The Interpretation of Dreams Memory and the Past Quotes

How we cite our quotes: (Chapter.Section.Paragraph)

Quote #4

If I examine my own experience on the subject of the origin of the elements included in the content of dream, I must begin with an assertion that in every dream it is possible to find a point of contact with the experiences of the previous day. This view is confirmed by every dream I look into, whether my own or anyone else's. (5.2.1)

For Freud, an intriguing characteristic of dreams is that they always seem to incorporate a very recent memory—an experience from the day before the dream—but they also combine this memory with others from any moment whatsoever in the dreamer's life. As Freud says later in the book: "Dreams can select their material from any part of the dreamer's life, provided only that there is a train of thought linking the experience of the dream-day (the 'recent' impressions) with the earlier ones" (5.2.5).

Quote #5

It was distressing to me to think that some of the premises which underlay my psychological explanations of the psychoneuroses were bound to excite skepticism and laughter when they were first met with. For instance, I had been driven to assume that impressions from the second year of life, and sometimes even from the first, left a lasting trace on the emotional life of those who were later to fall ill, and that these impressions—though distorted and exaggerated in many ways by the memory—might constitute the first and deepest foundation for hysterical symptoms. (6.8.45)

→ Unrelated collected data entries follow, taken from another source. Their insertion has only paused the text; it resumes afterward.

(* Let $n\ge1$ and let $c:E_n\to\mathbb C$ be an admissible edge weighting of $Q_n$ with $c(ij)\ne0$ for all edges $ij\in E_n$. Then there is $\mathbf t=[t_0,\dots,t_{n-1}]\in\Delta_{n-1}$ such that $|c(ij)|=\sqrt{t_k}$ for all edges $ij\in E_n$ with $i = j\#k$.
   Context: For $n\ge1$, identify integers $0\le i<2^n$ with their $n$-digit binary representations; $i\#k$ is $i$ with its $k$-th digit flipped. The hypercube $Q_n$ has vertex classes $U_n$ (even number of $1$'s) and $V_n$ (odd number of $1$'s) and edge set $E_n$ of pairs $ij$ ($i\in U_n$, $j\in V_n$, $j=i\#k$ for some $k<n$); $\mathcal N(x)$ is the set of neighbors of $x$. $\Delta_{n-1}=\{[t_0,\dots,t_{n-1}]\mid t_k\ge0,\sum t_k=1\}$. For $c:E_n\to\mathbb C$, $U_n(c)$, $V_n(c)$ are the vertices of $U_n$, $V_n$ incident to some edge with nonzero weight; $c$ is admissible if $\sum_{i\in\mathcal N(j_1)\cap\mathcal N(j_2)}c(ij_1)\overline{c(ij_2)}=\delta_{j_1j_2}$ for all $j_1,j_2\in V_n(c)$ and $\sum_{j\in\mathcal N(i_1)\cap\mathcal N(i_2)}c(i_1j)\overline{c(i_2j)}=\delta_{i_1i_2}$ for all $i_1,i_2\in U_n(c)$. *)

From HB Require Import structures.
From mathcomp Require Import all_boot all_order all_algebra.
Set Implicit Arguments. Unset Strict Implicit. Unset Printing Implicit Defensive.
Import Order.TTheory GRing.Theory Num.Theory.
Local Open Scope ring_scope.

Definition vert (n : nat) := {ffun 'I_n -> bool}.

Definition flip n (i : vert n) (k : 'I_n) : vert n :=
  [ffun m => if m == k then ~~ i m else i m].

Definition inU n (i : vert n) : bool := ~~ odd #|[set m | i m]|.
Definition inV n (j : vert n) : bool := odd #|[set m | j m]|.

Definition is_edge n (i j : vert n) : bool :=
  inU i && [exists k, j == flip i k].

Definition nbr n (x : vert n) : {set vert n} := [set y | [exists k, y == flip x k]].

(* an edge weighting c : E_n -> C is given as a function on pairs of vertices;
   only its values on edges (i,j), i in U_n, are ever used. *)
Definition Uc (C : numClosedFieldType) n (c : vert n -> vert n -> C) : {set vert n} :=
  [set i | inU i && [exists j, is_edge i j && (c i j != 0)]].
Definition Vc (C : numClosedFieldType) n (c : vert n -> vert n -> C) : {set vert n} :=
  [set j | inV j && [exists i, is_edge i j && (c i j != 0)]].

Definition admissible (C : numClosedFieldType) n (c : vert n -> vert n -> C) : Prop :=
  (forall j1 j2, j1 \in Vc c -> j2 \in Vc c ->
     \sum_(i in nbr j1 :&: nbr j2) c i j1 * (c i j2)^* = (j1 == j2)%:R) /\
  (forall i1 i2, i1 \in Uc c -> i2 \in Uc c ->
     \sum_(j in nbr i1 :&: nbr i2) c i1 j * (c i2 j)^* = (i1 == i2)%:R).

(* the simplex Delta_{n-1} (points with coordinates in C that are >= 0, hence real) *)
Definition in_simplex (C : numClosedFieldType) n (t : 'I_n -> C) : Prop :=
  (forall k, 0 <= t k) /\ \sum_(k < n) t k = 1.

(** Opposite edges of every square of [Q_n] carry weights of equal modulus:
    for a square [u, u#a, u#b, u#a#b] with [u] even, orthogonality of the
    columns [u#a], [u#b] and of the rows [u], [u#a#b] of the admissible
    matrix gives [p q = p' q'] and [p q' = p' q] for the four moduli, and
    positivity forces [p = p'], [q = q'].  Hence the modulus of the weight of
    a direction-[k] edge does not change when a vertex is flipped, so it
    depends only on [k], and the unit norm of the row at [0...0] says that
    the squares of these moduli sum to [1]. *)
From HB Require Import structures.
From mathcomp Require Import all_boot all_order all_algebra.
Import Order.TTheory GRing.Theory Num.Theory.
Set Implicit Arguments. Unset Strict Implicit.
Local Open Scope ring_scope.

Section Hypercube.
Variable n : nat.
Implicit Types (u v x y : vert n) (a b k m : 'I_n).

Lemma flipE v k m : flip v k m = if m == k then ~~ v m else v m.
Proof. by rewrite ffunE. Qed.

Lemma flipK v k : flip (flip v k) k = v.
Proof. by apply/ffunP=> m; rewrite !flipE; case: eqP => // ->; rewrite negbK. Qed.

Lemma flipC v a b : flip (flip v a) b = flip (flip v b) a.
Proof. by apply/ffunP=> m; rewrite !flipE; do 2 case: eqP. Qed.

Lemma flip_inj v a b : flip v a = flip v b -> a = b.
Proof. by move/ffunP/(_ a); rewrite !flipE eqxx; case: eqP => // _; case: (v a). Qed.

Definition ones v : {set 'I_n} := [set m | v m].

Lemma ones_flip v k :
  ones (flip v k) = if v k then ones v :\ k else k |: ones v.
Proof.
by apply/setP=> m; case: ifP => vk; rewrite !inE flipE; case: eqP => // ->; rewrite vk.
Qed.

Lemma inU_flip v k : inU (flip v k) = ~~ inU v.
Proof.
rewrite /inU negbK (ones_flip v k : [set m | _] = _).
case: ifP => vk; last by rewrite cardsU1 !inE vk /= negbK.
by rewrite (cardsD1 k (ones v)) !inE vk add1n.
Qed.

Lemma inV_inU v : inV v = ~~ inU v.
Proof. by rewrite negbK. Qed.

Definition vert0 : vert n := [ffun => false].

Lemma inU_vert0 : inU vert0.
Proof.
by rewrite /inU (_ : [set m | _] = set0) ?cards0 //; apply/setP=> m; rewrite !inE ffunE.
Qed.

Lemma flip_invariant_const (T : Type) (f : vert n -> T) :
  (forall v k, f (flip v k) = f v) -> forall v, f v = f vert0.
Proof.
move=> f_flip v; move Ev: #|ones v| => N; elim: N v Ev => [|N IHN] v Ev.
  congr f; apply/ffunP=> m; rewrite ffunE; apply/negbTE/negP => vm.
  by move: Ev; rewrite (cardsD1 m) inE vm.
have [m vm] : exists m, v m.
  case: (pickP v) => [m vm | v0]; first by exists m.
  by move: Ev; rewrite (_ : ones v = set0) ?cards0 //; apply/setP=> m; rewrite !inE v0.
rewrite -(flipK v m) f_flip IHN //.
by move: Ev; rewrite ones_flip vm (cardsD1 m) inE vm add1n => -[].
Qed.

Lemma nbrP x y : reflect (exists k, y = flip x k) (y \in nbr x).
Proof. by rewrite inE; apply: (iffP existsP) => -[k /eqP]; exists k. Qed.

Lemma nbrE x : nbr x = [set flip x k | k : 'I_n].
Proof. by apply/setP=> y; apply/nbrP/imsetP => [[k ->]|[k _ ->]]; exists k. Qed.

Lemma common_nbr x a b : a != b ->
  nbr (flip x a) :&: nbr (flip x b) = [set x; flip (flip x a) b].
Proof.
move=> ab; apply/setP=> y; rewrite in_setI in_set2; apply/andP/orP.
  case=> /nbrP[k1 ->] /nbrP[k2 /ffunP E].
  have [<-|k1a] := eqVneq a k1; first by left; rewrite flipK.
  have ba : b != a by rewrite eq_sym.
  move: (E a) (E b); rewrite !flipE !eqxx (negbTE ab) (negbTE ba) (negbTE k1a).
  have [<-|_] := eqVneq a k2; last by case: (x a).
  rewrite (negbTE ba); have [<- _ _|_] := eqVneq b k1; first by right.
  by case: (x b).
case=> /eqP ->; first by split; apply/nbrP; [exists a | exists b]; rewrite flipK.
by split; apply/nbrP; [exists b | exists a; rewrite flipC].
Qed.

End Hypercube.

Lemma eq_of_cross_mul (R : numDomainType) (x y x' y' : R) :
  0 < x -> 0 < y -> 0 < x' -> 0 < y' ->
  x * y = x' * y' -> x * y' = x' * y -> x = x' /\ y = y'.
Proof.
move=> x0 y0 x'0 y'0 e1 e2.
have /eqP : x ^+ 2 = x' ^+ 2.
  apply: (mulIf (lt0r_neq0 (mulr_gt0 y0 y'0))).
  by rewrite !expr2 (mulrACA x x) e1 e2 mulrACA [y' * y]mulrC.
rewrite eqrXn2 ?ltW // => /eqP ex; split => //.
by apply: (mulfI (lt0r_neq0 x0)); rewrite e1 ex.
Qed.

Lemma norm_eq_orth2 (C : numClosedFieldType) (T : finType) (x y : T)
    (F G : T -> C) :
  x != y -> \sum_(i in [set x; y]) F i * (G i)^* = 0 ->
  `|F x| * `|G x| = `|F y| * `|G y|.
Proof.
move=> xy; rewrite big_setU1 ?big_set1 ?inE //= => /eqP; rewrite addr_eq0 => /eqP.
by move/(congr1 Num.norm); rewrite normrN !normrM !norm_conjC.
Qed.

Section Admissible.
Variables (C : numClosedFieldType) (n : nat) (c : vert n -> vert n -> C).
Hypothesis c_adm : admissible c.
Hypothesis c_neq0 : forall i j, is_edge i j -> c i j != 0.
Implicit Types (u v : vert n) (a b k m : 'I_n).

Lemma is_edge_flip u k : inU u -> is_edge u (flip u k).
Proof. by move=> uU; rewrite /is_edge uU; apply/existsP; exists k. Qed.

Lemma mem_Uc u k : inU u -> u \in Uc c.
Proof.
move=> uU; rewrite inE uU; apply/existsP; exists (flip u k).
by rewrite is_edge_flip ?c_neq0 ?is_edge_flip.
Qed.

Lemma mem_Vc_flip u k : inU u -> flip u k \in Vc c.
Proof.
move=> uU; rewrite inE inV_inU inU_flip negbK uU; apply/existsP; exists u.
by rewrite is_edge_flip ?c_neq0 ?is_edge_flip.
Qed.

Lemma weight_gt0 u k : inU u -> 0 < `|c u (flip u k)|.
Proof. by move=> uU; rewrite normr_gt0 c_neq0 ?is_edge_flip. Qed.

Definition dir_weight v k :=
  if inU v then `|c v (flip v k)| else `|c (flip v k) v|.

Section Square.
Variables (u : vert n) (a b : 'I_n).
Hypotheses (uU : inU u) (ab : a != b).
Let u' := flip (flip u a) b.

Let u'U : inU u'.
Proof. by rewrite !inU_flip negbK. Qed.

Let u_neq_u' : u != u'.
Proof.
by apply: contra_neq ab => uu'; apply: (@flip_inj _ u); rewrite {2}uu' flipK.
Qed.

Let ua_neq_ub : flip u a != flip u b.
Proof. by apply: contra_neq ab => /flip_inj. Qed.

Lemma square_cols :
  `|c u (flip u a)| * `|c u (flip u b)| = `|c u' (flip u a)| * `|c u' (flip u b)|.
Proof.
apply: (norm_eq_orth2 (F := c^~ (flip u a)) (G := c^~ (flip u b)) u_neq_u').
have [eV _] := c_adm; rewrite -common_nbr //.
by rewrite eV ?mem_Vc_flip // (negbTE ua_neq_ub).
Qed.

Lemma square_rows :
  `|c u (flip u a)| * `|c u' (flip u a)| = `|c u (flip u b)| * `|c u' (flip u b)|.
Proof.
apply: (norm_eq_orth2 (F := c u) (G := c u') ua_neq_ub).
have [_ eU] := c_adm; have := common_nbr (flip u a) ab; rewrite flipK => <-.
by rewrite eU ?(mem_Uc a) // (negbTE u_neq_u').
Qed.

Lemma dir_weight_flipU : dir_weight (flip u b) a = dir_weight u a.
Proof.
rewrite /dir_weight inU_flip uU /= -flipC -/u'.
have p'_gt0 : 0 < `|c u' (flip u b)|.
  by have := weight_gt0 a u'U; rewrite /u' flipC flipK.
have q'_gt0 : 0 < `|c u' (flip u a)|.
  by have := weight_gt0 b u'U; rewrite /u' flipK.
by have [->] := eq_of_cross_mul (weight_gt0 a uU) (weight_gt0 b uU) p'_gt0 q'_gt0
  (etrans square_cols (mulrC _ _)) (etrans square_rows (mulrC _ _)).
Qed.

End Square.

Lemma dir_weight_flip v m k : dir_weight (flip v m) k = dir_weight v k.
Proof.
have [<-|mk] := eqVneq m k.
  by rewrite /dir_weight inU_flip flipK; case: inU.
have km : k != m by rewrite eq_sym.
have [vU|vV] := boolP (inU v); first exact: dir_weight_flipU.
by rewrite -[in RHS](flipK v m) (dir_weight_flipU (u := flip v m)) ?inU_flip.
Qed.

Lemma sum_dir_weight_sqr u : (0 < n)%N -> inU u ->
  \sum_(k < n) dir_weight u k ^+ 2 = 1.
Proof.
move=> n_gt0 uU; have [_ eU] := c_adm.
have := eU _ _ (mem_Uc (Ordinal n_gt0) uU) (mem_Uc (Ordinal n_gt0) uU).
rewrite setIid eqxx mulr1n nbrE big_imset; last by move=> k1 k2 _ _ /flip_inj.
by move=> <-; apply: eq_bigr => k _; rewrite /dir_weight uU normCK.
Qed.

End Admissible.

Theorem lemma5p1 (C : numClosedFieldType) (n : nat) (hn : (1 <= n)%N)
  (c : vert n -> vert n -> C) :
  admissible c ->
  (forall i j, is_edge i j -> c i j != 0) ->
  exists t : 'I_n -> C, in_simplex t /\
    (forall (i j : vert n) (k : 'I_n), is_edge i j -> i = flip j k ->
       `|c i j| = sqrtC (t k)).
Proof.
move=> c_adm c_neq0.
exists (fun k => dir_weight c (vert0 n) k ^+ 2); split.
  split=> [k|]; first by rewrite exprn_ge0 // /dir_weight; case: inU.
  exact: sum_dir_weight_sqr (inU_vert0 n).
move=> i j k /andP[iU _] eij; move: iU; rewrite {}eij inU_flip => jV.
have -> : `|c (flip j k) j| = dir_weight c j k by rewrite /dir_weight (negbTE jV).
rewrite (flip_invariant_const (f := dir_weight c ^~ k)) => [|v m].
  by rewrite sqrCK // /dir_weight inU_vert0.
exact: dir_weight_flip.
Qed.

Lots of people today take it for granted that our experiences in infancy and early childhood shape us for life, but in Freud's day, this concept was still fairly new. Freud felt sure that infantile and early childhood experiences were often at the root of his patients' illnesses, but he also knew that he was asking his contemporaries to make radical changes in the way they understood memory and the past.

Quote #6

Patients, to whom I explained this at some appropriate moment, used to parody this newly-gained knowledge by declaring that they were ready to look for recollections dating from a time at which they were not yet alive. (6.8.45)

Clearly, Freud had his work cut out for him when it came to convincing his patients that experiences from their infancies and early childhoods were still wreaking havoc on their lives.